Mr. Ryan DeVries 2088 Dagget Pierson, MI 49339 

Dear Mr. DeVries: 

SUBJECT: DEQ File No. 97-59-0023-1 T11N, R10W, Sec. 20, Montcalm County 

	It has come to the attention of the Department of Environmental Quality that there has been recent unauthorized activity on the above referenced parcel of property. You have been certified as the legal landowner and/or contractor who did the following unauthorized activity: 

	Construction and maintenance of two wood debris dams across the outlet stream of Spring Pond. A permit must be issued prior to the start of this type of activity. A review of the Department's files show that no permits have been issued. 

	Therefore, the Department has determined that this activity is in violation of Part 301, Inland Lakes and Streams, of the Natural Resource and Environmental Protection Act, Act 451 of the Public Acts of 1994, being sections 324.30101 to 324.30113 of the Michigan Compiled Laws annotated. The Department has been informed that one or both of the dams partially failed during a recent rain event, causing debris dams and flooding at downstream locations. We find that dams of this nature are inherently hazardous and cannot be permitted.

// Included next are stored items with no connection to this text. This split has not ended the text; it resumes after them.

Lemma coef_exp_cofactor M : (0 < d)%N -> (1 < M)%N ->
  (exp_cofactor (-1) M)`_d = - ctop.
Proof.
move=> d_gt0 lt1M; rewrite coef_sum (bigD1 (Ordinal lt1M)) //= big1 ?addr0; last first.
  move=> i neqi1; rewrite coefCM coefXn.
  suff /negbTE -> : (d != i * d)%N by rewrite mulr0.
  apply: contra neqi1; rewrite -{1}[d]mul1n eqn_pmul2r // => /eqP i1.
  by apply/eqP/val_inj; rewrite /= -i1.
have etop1 : etop 1 = 0 by rewrite -(rmorph1 phi) (derC etop_der).
rewrite coefCM coefXn mul1n eqxx mulr1 /= etop1 add0r mul0n addn0 mul1r mulr1.
by rewrite expr1 divr1 rmorphN1 mulN1r.
Qed.

(* [exp Etop] maps [t] to [t * u] with [u = exp_cofactor 1 M]; applying [exp (- Etop)] and
   cancelling [t] shows that [exp_cofactor (-1) M] is a unit of [R[t]], hence constant
   because [R] is reduced, while its coefficient of degree [d] is [- ctop]. *)
Lemma ctop_eq0_deg_gt0 : (0 < d)%N -> ctop = 0.
Proof.
move=> d_gt0; have Etop_der' : is_Kder phiP Etop := Etop_der.
have [M0 tM0] := top_seq_nilpotent 1 1; pose M := M0.+2.
have tM n : (M <= n)%N -> top_seq 1 1 n = 0.
  by move=> leMn; apply: (top_seq_eq0 tM0); rewrite /M in leMn; lia.
have [NX NX0] := Etop_LND.2 'X; have [N1 N10] := Etop_LND.2 (exp_cofactor 1 M).
pose N := (M + NX + N1)%N.
have leNX : (NX <= N)%N by rewrite /N; lia.
have := exp_sumK Etop_der' K0 1 NX0 leNX.
rewrite (exp_sum_Etop_X _ tM) ?(exp_sumM Etop_der' K0 _ NX0 N10); try by rewrite /N; lia.
rewrite (exp_sum_Etop_X _ tM); last by rewrite /N; lia.
move=> XU; have unitU : exp_cofactor (-1) M * exp_sum phiP Etop (-1) (exp_cofactor 1 M) N = 1.
  by apply: (monic_lreg (monicX R)); rewrite mulr1 mulrA.
apply/eqP; rewrite -oppr_eq0 -(coef_exp_cofactor M) //; apply/eqP.
by rewrite nth_default // (leq_trans (size_unit_poly_reduced _ _ _ Rred unitU)).
Qed.

Lemma ctop_eq0 : ctop = 0.
Proof.
by case: (posnP d) => [d0|d_gt0]; [exact: ctop_eq0_deg0 | exact: ctop_eq0_deg_gt0].
Qed.

Lemma etop_eq0 a : etop a = 0.
Proof. by apply: etop_eq0_if; left; exact: ctop_eq0. Qed.

End TopComponent.

Lemma raises_deg_le_pred d : raises_deg_le d.+1 -> raises_deg_le d.
Proof.
move=> Ed; have [EdC EdX] := Ed; split=> [r|].
  by apply: size_poly_leq_of_top0 (EdC r) _; exact: (etop_eq0 _ Ed r).
exact: size_poly_leq_of_top0 EdX (ctop_eq0 _ Ed).
Qed.

Lemma raises_deg_le0_polyC r : raises_deg_le 0 -> E r%:P = 0.
Proof.
move=> Ed; have [EdC _] := Ed.
by rewrite [E r%:P]size1_polyC ?EdC // -/(etop 0 r) (etop_eq0 _ Ed).
Qed.

Theorem rigid_LND_polyC_eq0 r : E r%:P = 0.
Proof.
have [M sizeM] := size_E_polyC_bounded.
suff E_deg d : raises_deg_le d -> E r%:P = 0.
  by apply: (E_deg (M + size (E 'X))%N); split=> [r'|]; [have := sizeM r'|]; lia.
elim: d => [|d IH] Ed; first exact: raises_deg_le0_polyC.
exact/IH/raises_deg_le_pred.
Qed.
End RigidCoefficients.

The Department therefore orders you to cease and desist all unauthorized activities at this location, and to restore the stream to a free-flow condition by removing all wood and brush forming the dams from the strewn channel. All restoration work shall be completed no later than January 31, 1998. Please notify this office when the restoration has been completed so that a follow-up site inspection may be scheduled by our staff. Failure to comply with this request, or any further unauthorized activity on the site, may result in this case being referred for elevated enforcement action. We anticipate and would appreciate your full cooperation in this matter. 

	Please feel free to contact me at this office if you have any questions. 

Sincerely, 

David L. Price 
District Representative Land and Water Management Division 
##################################################### REPLY: 

Dear Mr. Price: 
Re: DEQ File No. 97-59-0023; T11N, R10W, Sec 20; Montcalm County 

	Your certified letter dated 12/17/97 has been handed to me to respond to. You sent out a great deal of carbon copies to a lot of people, but you neglected to include their addresses. You will, therefore, have to send them a copy of my response. 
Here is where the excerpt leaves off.